My guest is a vegetarian and has been one for over 18 years. She has lived with the struggle of finding a good vegetarian burger, and today declared this the best she has ever had. “A-game”. The extra effort and ingredients showed through when trying to create a deeper flavour profile. More layers is needed from vegetables to replicate the heartiness of an all beef patty. And the line up above between a herbed filled ciabatta bun certainly added the extra zing needed. I was most impressed with the patty. So light and crumbly it tasted and looked in house made. The liquid retained from each grain kernel meant it was never frozen and no piece had that hard chunk you had to avoid. This was a vibrant burger that didn’t rely on its sole sauce, but instead leveraged all its ingredients to create dimension and distinction. She paired this with a side of yam fries, chosen over soup, salad, or regular fries.


I also took our server recommendation of the “Fried chicken sandwich”. She said this was the best and the vegetarian burger her second favourite. Though she was biased having never tried any of the two beef options. Immediately it looked disappointing compared to my guests’ entree. The burger itself was plain and it’s filling was sagging. Though a bite in had me changing my tune. The plain bun was to not overshadow the more flavourful elements that it was sandwiching. Bacon marmalade, jack cheese, and spicy mayo. This was an adult BLT, well balanced with an even filling to bun ratio. The use of a larger chicken fillet, shredded lettuce, and multiple thinly sliced tomato insured each bite until the edge saw meat, veggies, and sauce. I was most happy to get the taste of bacon coming through, it had its usual salty chew, but in addition to a zesty orange sweetness from its marmalade base. Although I did find things too creamy with excessive mayo. It made the lettuce soggy and overpowered the cheese completely.

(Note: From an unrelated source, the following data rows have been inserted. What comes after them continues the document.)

(* Let $k\geq2$, let $X$ be a countably based $T_0$-space, let $\theta\geq2$ be a countable ordinal and let $T$ be a countable $k$-tree. Then $\mathbf{\Sigma}^0_\theta(X,T)$ has a principal $\mathbf{\Sigma}^0_\theta(T)$-total representation. If moreover $X$ is zero-dimensional, then $\mathbf{\Sigma}^0_1(X,T)$ has a principal $\mathbf{\Sigma}^0_1(T)$-total representation.
   Context: $\mathcal{N}=\omega^\omega$ is the Baire space. For a space $X$: $\mathbf{\Sigma}^0_1(X)$ the open sets; $\mathbf{\Sigma}^0_2(X)$ the countable unions of sets $U\setminus V$ with $U,V$ open; for $2<\alpha<\omega_1$, $\mathbf{\Sigma}^0_\alpha(X)$ the countable unions of complements of sets in $\bigcup_{\beta<\alpha}\mathbf{\Sigma}^0_\beta(X)$ (with $\mathbf{\Sigma}^0_0(X)=\{\emptyset\}$). A $k$-partition of $X$ is a function $A:X\to k=\{0,\dots,k-1\}$. A countable $k$-forest is a countable poset $(P;\leq)$ without infinite chains in which every upper cone $\{y\mid x\leq y\}$ is a chain, with a labeling $c:P\to k$; a $k$-tree is a $k$-forest with a greatest element. For a $k$-forest $F$, $\mathbf{\Sigma}^0_\theta(X,F)$ is the set of $k$-partitions $A:X\to k$ for which there exist $B_p\in\mathbf{\Sigma}^0_\theta(X)$ ($p\in F$) with $\bigcup_pB_p=X$ and $A^{-1}(i)=\bigcup\{B_p\setminus\bigcup_{q<p}B_q\mid c(p)=i\}$ for each $i<k$; $\mathbf{\Sigma}^0_\theta(T)$ denotes the assignment $X\mapsto\mathbf{\Sigma}^0_\theta(X,T)$ (over all spaces $X$). A function $\nu:\mathcal{N}\to\mathbf{\Sigma}^0_\theta(X,T)$ is a $\mathbf{\Sigma}^0_\theta(T)$-total representation if the $k$-partition $(a,x)\mapsto\nu(a)(x)$ of $\mathcal{N}\times X$ belongs to $\mathbf{\Sigma}^0_\theta(\mathcal{N}\times X,T)$; it is principal if for every $\mathbf{\Sigma}^0_\theta(T)$-total representation $\mu:\mathcal{N}\to\mathbf{\Sigma}^0_\theta(X,T)$ there is a continuous $g:\mathcal{N}\to\mathcal{N}$ with $\mu=\nu\circ g$. *)

From HB Require Import structures.
From mathcomp Require Import all_boot all_order all_algebra.
From mathcomp Require Import all_classical all_reals all_analysis.
Set Implicit Arguments.
Unset Strict Implicit.
Unset Printing Implicit Defensive.
Local Open Scope classical_set_scope.

(* Every Brouwer tree denotes a countable ordinal (bzero = 0, bsucc a = a+1,
   blim f = sup_n f n) and every countable ordinal is so denoted. *)
Inductive bord : Type :=
| bzero : bord
| bsucc : bord -> bord
| blim : (nat -> bord) -> bord.

(* The ordinal order on Brouwer trees (Kraus--Nordvall Forsberg--Xu):
   ble a b  iff  |a| <= |b|. *)
Inductive ble : bord -> bord -> Prop :=
| ble_zero b : ble bzero b
| ble_trans a b c : ble a b -> ble b c -> ble a c
| ble_succ a b : ble a b -> ble (bsucc a) (bsucc b)
| ble_cocone a f n : ble a (f n) -> ble a (blim f)
| ble_limiting f b : (forall n, ble (f n) b) -> ble (blim f) b.

Definition blt (a b : bord) : Prop := ble (bsucc a) b.
Definition beq (a b : bord) : Prop := ble a b /\ ble b a.

Definition bone : bord := bsucc bzero.
Definition btwo : bord := bsucc bone.

Inductive Sigma0 (X : topologicalType) : bord -> set X -> Prop :=
| Sigma0_zero a : beq a bzero -> Sigma0 a set0
| Sigma0_one a (A : set X) : beq a bone -> open A -> Sigma0 a A
| Sigma0_two a (A : set X) (U V : nat -> set X) :
    beq a btwo -> (forall n, open (U n)) -> (forall n, open (V n)) ->
    A = \bigcup_n (U n `\` V n) -> Sigma0 a A
| Sigma0_high a (A : set X) (b : nat -> bord) (B : nat -> set X) :
    blt btwo a -> (forall n, blt (b n) a) -> (forall n, Sigma0 (b n) (B n)) ->
    A = \bigcup_n (~` B n) -> Sigma0 a A.

Record kforest (k : nat) := KForest {
  fnode : Type;
  fle : fnode -> fnode -> Prop;
  flabel : fnode -> 'I_k;
  fnode_countable : exists f : fnode -> nat, injective f;
  fle_refl : forall x, fle x x;
  fle_antisym : forall x y, fle x y -> fle y x -> x = y;
  fle_trans : forall x y z, fle x y -> fle y z -> fle x z;
  fle_chains_finite : forall C : set fnode,
      (forall x y, C x -> C y -> fle x y \/ fle y x) -> finite_set C;
  fle_cones_chains : forall x y z, fle x y -> fle x z -> fle y z \/ fle z y
}.

Definition flt k (F : kforest k) (p q : fnode F) : Prop := fle p q /\ p <> q.

Definition is_ktree k (F : kforest k) : Prop :=
  exists r : fnode F, forall x, fle x r.

Definition SigmaPart k (X : topologicalType) (theta : bord) (F : kforest k)
    (A : X -> 'I_k) : Prop :=
  exists B : fnode F -> set X,
    [/\ forall p, Sigma0 theta (B p),
        \bigcup_p B p = [set: X] &
        forall i : 'I_k, A @^-1` [set i] =
          \bigcup_(p in [set p | flabel p = i])
             (B p `\` \bigcup_(q in [set q | flt q p]) B q)].

Definition baire : topologicalType := {ptws nat -> nat}.

Definition total_rep k (X : topologicalType) (theta : bord) (F : kforest k)
    (nu : baire -> X -> 'I_k) : Prop :=
  (forall a, SigmaPart theta F (nu a)) /\
  SigmaPart (X := (baire * X)%type) theta F (fun z => nu z.1 z.2).

Definition principal_rep k (X : topologicalType) (theta : bord) (F : kforest k)
    (nu : baire -> X -> 'I_k) : Prop :=
  total_rep theta F nu /\
  forall mu : baire -> X -> 'I_k, total_rep theta F mu ->
    exists g : baire -> baire, continuous g /\ mu = nu \o g.

Definition zero_dim (X : topologicalType) : Prop :=
  exists B : set (set X), basis B /\ B `<=` clopen.

From mathcomp Require Import all_boot all_order all_algebra.
From mathcomp Require Import all_classical all_reals all_analysis.
From Stdlib Require Cantor.
Local Open Scope classical_set_scope.
Set Implicit Arguments.
Unset Strict Implicit.

(* For theta >= 2 the class Sigma^0_theta(N x X) has a universal set: a family
   U : N -> set X with (a, x) |-> U a x in the class and such that every set of
   the class is {(a, x) | U (g a) x} for a continuous g.  It is built by
   recursion on theta from a countable base of X, using Cantor pairing to code
   sequences of Baire points by one Baire point.
   Give each node p of the tree its own coordinate copy F_p of U.  Since
   Sigma^0_theta has the reduction property (for theta = 1 this needs a
   zero-dimensional X, where open sets are countable unions of clopen sets),
   the family (F_p) can be normalised, level by level down the tree, into sets
   (G_p) increasing along the tree order such that the nodes p with z in G_p
   form a chain; labelling z by the label of its least such node gives a
   Sigma^0_theta(T)-total representation.  Its least node is F-minimal at z,
   so if C_p are the Sigma^0_theta sets defining another total representation
   and g_p is a code of C_p, plugging the g_p into the coordinates of the
   copies F_p recovers that representation by a continuous reparametrisation. *)

(** * Brouwer ordinals *)

(* A structurally recursive presentation of [ble]: for [bsucc a] the inner
   fixpoint computes the strict order [a < b]. *)
Fixpoint bord_le (a : bord) : bord -> Prop :=
  match a with
  | bzero => fun _ => True
  | bsucc a0 => fix lt_a0 b := match b with
                  | bzero => False
                  | bsucc b0 => bord_le a0 b0
                  | blim g => exists n, lt_a0 (g n) end
  | blim f => fun b => forall n, bord_le (f n) b
  end.

Definition bord_lt a b := bord_le (bsucc a) b.

Lemma bord_le_cocone a f n : bord_le a (f n) -> bord_le a (blim f).
Proof.
elim: a => [//|a0 _|h IH] H.
- by exists n.
- by move=> m; apply: IH; apply: H.
Qed.

Lemma bord_le_refl a : bord_le a a.
Proof.
elim: a => [//|a0 IH|f IH] /=; first exact: IH.
by move=> n; apply: (@bord_le_cocone _ _ n); apply: IH.
Qed.

Lemma bord_le_trans a b c : bord_le a b -> bord_le b c -> bord_le a c.
Proof.
elim: a b c => [//|a0 IHa|f IH] b c; last first.
  by move=> H1 H2 n; apply: (IH n b) => //; apply: H1.
have le_lt_trans x y d : (forall b c, bord_le x b -> bord_le b c -> bord_le x c) ->
    bord_le x y -> bord_lt y d -> bord_lt x d.
  move=> Tx xy; elim: d => [//|d0 _|h IHh] /=; first exact: Tx xy.
  by case=> n Hn; exists n; apply: IHh.
elim: b c => [//|b0 _|g IHg] c.
- exact: (le_lt_trans _ _ _ IHa).
- by case=> n Hn H2; apply: (IHg n) => //; exact: H2.
Qed.

Lemma bord_leP a b : ble a b <-> bord_le a b.
Proof.
split.
- elim => {a b} [//|a b c _ H1 _ H2|//|a f n _ H|//].
  + exact: bord_le_trans H1 H2.
  + exact: bord_le_cocone H.
- elim: a b => [|a0 IH|f IH] b.
  + by move=> _; constructor.
  + elim: b => [//|b0 _|g IHg] /=.
    * by move=> H; apply: ble_succ; apply: IH.
    * by case=> n Hn; apply: (@ble_cocone _ _ n); apply: IHg.
  + by move=> H; apply: ble_limiting => n; apply: IH.
Qed.

Lemma bord_ltP a b : blt a b <-> bord_lt a b.
Proof. exact: bord_leP. Qed.

Lemma beqP a b : beq a b <-> bord_le a b /\ bord_le b a.
Proof. by rewrite /beq !bord_leP. Qed.

Lemma bord_le_succ a : bord_le a (bsucc a).
Proof.
elim: a => [//|a0 IH|f IH]; first exact: IH.
move=> n; apply: bord_le_trans (IH n) _.
exact: (@bord_le_cocone _ f n) (bord_le_refl _).
Qed.

Lemma bord_ltW a b : bord_lt a b -> bord_le a b.
Proof. exact: bord_le_trans (bord_le_succ a). Qed.

Lemma bord_lt_le_trans a b c : bord_lt a b -> bord_le b c -> bord_lt a c.
Proof. exact: bord_le_trans. Qed.

Lemma bord_leVlt a b : bord_le b a \/ bord_lt a b.
Proof.
(* Both directions are proved together: the successor case of one uses the
   other. *)
suff H : forall y x,
  (bord_le y x \/ bord_lt x y) /\ (bord_le x y \/ bord_lt y x) by exact: (H b a).1.
have lim_case f c : (forall n, bord_le (f n) c \/ bord_lt c (f n)) ->
    bord_le (blim f) c \/ bord_lt c (blim f).
  move=> IH; have [H|/existsNP [n Hn]] := pselect (forall n, bord_le (f n) c).
    by left.
  by right; exists n; case: (IH n).
move=> {a b}; elim=> [|b0 IHb|g IHg] a.
- split; first by left.
  by elim: a => [|a0 _|f IHf]; [left|right|apply: lim_case].
- split; first by have [_ [H|H]] := IHb a; [right|left].
  elim: a => [|a0 _|f IHf]; first by left.
  + by have [_ [H|H]] := IHb a0; [left|right].
  + exact: lim_case.
- split; first by apply: lim_case => n; case: (IHg n a).
  elim: a => [|a0 _|f IHf]; first by left.
  + have [H|/existsNP [n Hn]] := pselect (forall n, bord_le (g n) a0).
      by right.
    left; exists n; have [[H|H] _] := IHg n a0 => //; case: Hn.
  + exact: lim_case.
Qed.

Lemma bord_lt_wf : well_founded bord_lt.
Proof.
suff H t b : bord_lt b t -> Acc bord_lt b.
  by move=> b; apply: (H (bsucc b)); apply: bord_le_refl.
elim: t b => [//|t IH|f IH] b.
- by move=> bt; constructor => c cb; apply: IH; exact: bord_le_trans cb bt.
- by case=> n Hn; apply: (IH n).
Qed.

Lemma bord_lt_irr a : ~ bord_lt a a.
Proof. by have := bord_lt_wf a; elim=> c _ IH Hc; exact: (IH c Hc Hc). Qed.

Lemma bord_cases a :
  [\/ bord_le a bzero, bord_le a bone /\ bord_le bone a,
      bord_le a btwo /\ bord_le btwo a | bord_lt btwo a].
Proof.
have [H0|H0] := bord_leVlt bzero a; first exact: Or41.
have [H1|H1] := bord_leVlt bone a; first exact: Or42.
have [H2|H2] := bord_leVlt btwo a; first exact: Or43.
exact: Or44.
Qed.

(** * Closure properties of the classes Sigma^0_a *)

Lemma bigcup_pair T (F : nat -> nat -> set T) :
  \bigcup_n \bigcup_m F n m = \bigcup_k F (Cantor.of_nat k).1 (Cantor.of_nat k).2.
Proof.
apply/seteqP; split => x /=.
- case=> n _ [m _ H]; exists (Cantor.to_nat (n, m)) => //.
  by rewrite Cantor.cancel_of_to.
- by case=> k _ H; exists (Cantor.of_nat k).1 => //; exists (Cantor.of_nat k).2.
Qed.

Lemma bigcup_cst T (A : set T) : \bigcup_(n : nat) A = A.
Proof. by apply: bigcup_const; exists 0%N. Qed.

Section SigmaClasses.
Context {Y : topologicalType}.
Implicit Types A B : set Y.

Lemma Sigma0_beq a b A : Sigma0 a A -> bord_le a b -> bord_le b a -> Sigma0 b A.
Proof.
case.
- move=> c /beqP [c0 _] ab ba.
  by apply: Sigma0_zero; apply/beqP; split=> //; exact: bord_le_trans ba c0.
- move=> c A0 /beqP [c1 c1'] oA ab ba; apply: Sigma0_one => //.
  by apply/beqP; split; [exact: bord_le_trans ba c1|exact: bord_le_trans c1' ab].
- move=> c A0 U V /beqP [c2 c2'] oU oV -> ab ba; apply: (Sigma0_two _ oU oV) => //.
  by apply/beqP; split; [exact: bord_le_trans ba c2|exact: bord_le_trans c2' ab].
- move=> c A0 d B /bord_ltP c3 dc SB -> ab ba; apply: Sigma0_high SB _ => //.
  + by apply/bord_ltP; exact: bord_lt_le_trans c3 ab.
  + by move=> n; apply/bord_ltP; apply: bord_lt_le_trans ab; exact/bord_ltP.
Qed.
(* There is no polynomial-time algorithm that, given a canonical linear game on players $\{1,\dots,n\}$ as the list of characteristic vectors of its ceiling coalitions, outputs the list of its roof coalitions; and there is no polynomial-time algorithm that, given a canonical linear game as the list of its roof coalitions, outputs the list of its ceiling coalitions. (Here polynomial time means polynomial in the size of the input list.)
   Context: A simple game on $N=\{1,\dots,n\}$ is a map $v:2^N\to\{0,1\}$; it is monotonic if $S\subseteq T\Rightarrow v(S)\le v(T)$. Write $i\succeq j$ if $v(S\cup\{i\})\ge v(S\cup\{j\})$ for all $S\subseteq N\setminus\{i,j\}$; a canonical linear game is a monotonic simple game with $1\succeq2\succeq\cdots\succeq n$. A coalition $S'$ is a direct left-shift of $S$ if there is $m\in S$, $2\le m\le n$, $m-1\notin S$, with $S'=(S\setminus\{m\})\cup\{m-1\}$; a left-shift is obtained by one or more successive direct left-shifts; right-shifts are defined symmetrically. A roof coalition is a minimal winning coalition all of whose right-shifts are losing; a ceiling coalition is a maximal losing coalition all of whose left-shifts are winning. A canonical linear game is determined by its list of roofs, and also by its list of ceilings. A coalition $S$ is encoded by its characteristic vector in $\{0,1\}^n$. *)

From mathcomp Require Import all_boot.
Set Implicit Arguments. Unset Strict Implicit. Unset Printing Implicit Defensive.

(* Simple games on N = {1,..,n}; player i is represented by the ordinal
   i-1 : 'I_n, so the order 1,2,...,n is the order of 'I_n.            *)

Definition monotonic_game n (v : {set 'I_n} -> bool) : Prop :=
  forall S T : {set 'I_n}, S \subset T -> v S <= v T.

Definition desirable n (v : {set 'I_n} -> bool) (i j : 'I_n) : Prop :=
  forall S : {set 'I_n}, S \subset ~: [set i; j] ->
    v (j |: S) <= v (i |: S).

Definition canonical_linear_game n (v : {set 'I_n} -> bool) : Prop :=
  monotonic_game v /\ forall i j : 'I_n, i <= j -> desirable v i j.

Definition direct_left_shift n (S S' : {set 'I_n}) : bool :=
  [exists m : 'I_n, exists m' : 'I_n,
    [&& m'.+1 == m :> nat, m \in S, m' \notin S & S' == m' |: (S :\ m)]].

Definition direct_right_shift n (S S' : {set 'I_n}) : bool :=
  [exists m : 'I_n, exists m' : 'I_n,
    [&& m.+1 == m' :> nat, m \in S, m' \notin S & S' == m' |: (S :\ m)]].

Definition left_shift n (S S' : {set 'I_n}) : Prop :=
  exists T : {set 'I_n}, direct_left_shift S T /\ connect (@direct_left_shift n) T S'.
Definition right_shift n (S S' : {set 'I_n}) : Prop :=
  exists T : {set 'I_n}, direct_right_shift S T /\ connect (@direct_right_shift n) T S'.

Definition minimal_winning n (v : {set 'I_n} -> bool) (S : {set 'I_n}) : Prop :=
  v S /\ forall T : {set 'I_n}, T \proper S -> ~~ v T.
Definition maximal_losing n (v : {set 'I_n} -> bool) (S : {set 'I_n}) : Prop :=
  ~~ v S /\ forall T : {set 'I_n}, S \proper T -> v T.

Definition roof n (v : {set 'I_n} -> bool) (S : {set 'I_n}) : Prop :=
  minimal_winning v S /\ forall S' : {set 'I_n}, right_shift S S' -> ~~ v S'.
Definition ceiling n (v : {set 'I_n} -> bool) (S : {set 'I_n}) : Prop :=
  maximal_losing v S /\ forall S' : {set 'I_n}, left_shift S S' -> v S'.
(* Let $\Bbbk$ be an algebraically closed field of characteristic zero, $G$ a finite group, $\chi:G\to\Bbbk^\times$ a linear character, $g\in Z(G)$, $n\geq2$ the multiplicative order of $\chi(g)$, and $H$ the $\Bbbk$-algebra generated by $\Bbbk G$ and $z$ with relations $z^n=0$, $zs=\chi(s)sz$ ($s\in G$). Suppose $$\Big(\sum_{j=1}^t z^{l_j}\sum_{i=0}^{p-1}\alpha_i^{(j)}e_i\Big)=\Big(\sum_{s=1}^r z^{m_s}\sum_{i=0}^{p-1}\beta_i^{(s)}e_i\Big),$$ where $n-1\geq l_1>\cdots>l_t\geq0$, $n-1\geq m_1>\cdots>m_r\geq0$, all $\alpha_i^{(j)},\beta_i^{(s)}\in\{0,1\}$, $\sum_i\alpha_i^{(t)}\neq0$ and $\sum_i\beta_i^{(r)}\neq0$. Then $l_t=m_r$ and $\alpha_i^{(t)}=\beta_i^{(r)}$ for $0\leq i\leq p-1$.
   Context: $\chi_0,\dots,\chi_{p-1}$ are the irreducible characters of $G$ and $e_i=\frac{\chi_i(1)}{|G|}\sum_{h\in G}\chi_i(h)h^{-1}$ the primitive central idempotents of $\Bbbk G$. $(a)$ denotes the two-sided ideal of $H$ generated by $a$. *)

From HB Require Import structures.
From mathcomp Require Import all_boot all_order all_algebra all_fingroup all_solvable all_field all_character.
Set Implicit Arguments. Unset Strict Implicit. Unset Printing Implicit Defensive.
Import Order.TTheory GRing.Theory Num.Theory.
Local Open Scope ring_scope.

Section Defs.
Variables (k : fieldType) (gT : finGroupType).

Definition is_irr_char (phi : gT -> k) : Prop :=
  exists m (rG : mx_representation k [set: gT]%G m),
    mx_irreducible rG /\ forall x, phi x = \tr (rG x).

Definition irr_enum (p : nat) (chi_ : 'I_p -> gT -> k) : Prop :=
  (forall i, is_irr_char (chi_ i)) /\
  (forall i j, (forall x, chi_ i x = chi_ j x) -> i = j) /\
  (forall phi, is_irr_char phi -> exists i, forall x, phi x = chi_ i x).

Definition kG := {ffun gT -> k}.

(* e_phi = phi(1)/|G| * sum_h phi(h) h^{-1}; its coefficient at x is
   phi(1)/|G| * phi(x^{-1}). *)
Definition cidem (phi : gT -> k) : kG :=
  [ffun x => phi 1%g / (#|gT|%:R) * phi (x^-1)%g].

(* The algebra H = k<kG, z | z^n = 0, z s = chi(s) s z>, realized on its
   basis { z^a h : 0 <= a < n, h in G }: an element is its coefficient
   function on pairs (a, h). *)
Variables (n : nat) (chi : gT -> k).

Definition Halg := {ffun 'I_n * gT -> k}.

(* (z^a s)(z^b t) = chi(s)^{-b} z^{a+b} (s t), which is 0 when a + b >= n *)
Definition basis_prod (p q : 'I_n * gT) : Halg :=
  [ffun r : 'I_n * gT =>
     if ((r.1 : nat) == (p.1 + q.1)%N) && (r.2 == (p.2 * q.2)%g)
     then (chi p.2) ^- q.1 else 0].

I chose the soup of the day as my side, “Asparagus”. It was lumpy with actual segments of asparagus stalk and unblended chunks. It was a bite of fresh asparagus layered with butter and cream. A pure, crisp, one note taste that was “absolutely asparagus”, to quote my guest. Simple and clean. If I could make one adjustment it would be to purée the soup smooth and used freshly toasted bread as croutons for a textural component. To me the soup felt grainy and I didn’t like the chew.

Would I come back? – Yes.
Would I line up for it? – Yes.
Would I recommend it? – Yes.
Would I suggest this for someone visiting from out of town? – Yes.
The setting won me over with its causal luxury. Ample screens to watch any play by play from any angle, and cozy seats for extended stays. With free parking in the shared lot out front this is a great place to check out a game in or grab a drink with friends at. The staff were attentive and approachable. They helped one another and us regardless of which section patrons were seated in. Our server checked in often, much more than the one per plate visit that other establishments institute. We were given the billfold before it was requested, but were never nudged out. We sat in our given space and were allowed to linger, taking our time the whole way through. Even to the point of not being ready to order after three check ins. And yet no complaints from our server and no sneers from other staff. The food satisfied my need for familiarity with my want for different. Bar fare made grown up. Exciting twists and fun names kept me entertained. If it wasn’t for the distance I could see myself frequenting this spot as a solid go to for larger groups and an easy choice for picky eaters. Don’t deny your cravings.